Material provided:

(* Let $r\ge2$ and $n\ge2$. For $0<b<r^n$, the lattice point of the half-open parallelepiped of $\mathcal{B}_{(r,n)}$ indexed by $b$ lies in the open parallelepiped if and only if $r\nmid b$. Consequently \[ \ell^\ast(\mathcal{B}_{(r,n)};z)=h^\ast(\mathcal{B}_{(r,n)};z)-h^\ast(\mathcal{B}_{(r,n-1)};z). \]
   Context: For $r\ge2$, $n\ge1$, let $q^{(r,n)}:=((r-1),(r-1)r,\ldots,(r-1)r^{n-1})$ and $\mathcal{B}_{(r,n)}:=\operatorname{conv}\bigl(e^{(1)},\ldots,e^{(n)},-\sum_{i=1}^n(r-1)r^{i-1}e^{(i)}\bigr)\subset\mathbb{R}^n$ (the base-$r$ $n$-simplex; its normalized volume is $r^n$). Ordering its vertices as $v^{(0)}=-\sum_i (r-1)r^{i-1}e^{(i)}$, $v^{(i)}=e^{(i)}$, the lattice points of the half-open parallelepiped $\{\sum_{i=0}^n\lambda_i(v^{(i)},1):0\le\lambda_i<1\}$ are in bijection with $0\le b<r^n$ via $\lambda_0=b/r^n$. For a lattice simplex $\Delta=\operatorname{conv}(v^{(0)},\ldots,v^{(d)})$, $\ell^\ast(\Delta;z):=\sum_{x\in\Pi^\circ_\Delta\cap\mathbb{Z}^{n+1}}z^{x_{n+1}}$ with $\Pi^\circ_\Delta:=\{\sum\lambda_i(v^{(i)},1):0<\lambda_i<1\}$, and $h^\ast(P;z)$ is the numerator of the Ehrhart series $\sum_{t\ge0}|tP\cap\mathbb{Z}^n|z^t=h^\ast(P;z)/(1-z)^{\dim P+1}$. *)

From HB Require Import structures.
From mathcomp Require Import all_boot all_order all_algebra.
From Stdlib Require Import ClassicalEpsilon.
Set Implicit Arguments. Unset Strict Implicit. Unset Printing Implicit Defensive.
Import Order.TTheory GRing.Theory Num.Theory.
Local Open Scope ring_scope.

Definition pbool (P : Prop) : bool :=
  if excluded_middle_informative P then true else false.

Definition simplex (n : nat) := 'I_n.+1 -> 'I_n -> int.

(* The base-r n-simplex B_(r,n), vertices ordered as v^(0) = -q^(r,n),
   v^(i) = e^(i) (i = 1..n); coordinate j : 'I_n stands for e^(j+1). *)
Definition baseSimplex (r n : nat) : simplex n :=
  fun i j => if val i == 0%N then - (((r - 1) * r ^ (val j))%N)%:Z
             else if val i == (val j).+1 then 1 else 0.

Arguments baseSimplex : clear implicits.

Task to complete:
Above are the records; copy exactly the lines from the one with "Import Order.TTheory GRing.Theory Num.Theory." through the final line.

Reply to the exercise:
Import Order.TTheory GRing.Theory Num.Theory.
Local Open Scope ring_scope.

Definition pbool (P : Prop) : bool :=
  if excluded_middle_informative P then true else false.

Definition simplex (n : nat) := 'I_n.+1 -> 'I_n -> int.

(* The base-r n-simplex B_(r,n), vertices ordered as v^(0) = -q^(r,n),
   v^(i) = e^(i) (i = 1..n); coordinate j : 'I_n stands for e^(j+1). *)
Definition baseSimplex (r n : nat) : simplex n :=
  fun i j => if val i == 0%N then - (((r - 1) * r ^ (val j))%N)%:Z
             else if val i == (val j).+1 then 1 else 0.

Arguments baseSimplex : clear implicits.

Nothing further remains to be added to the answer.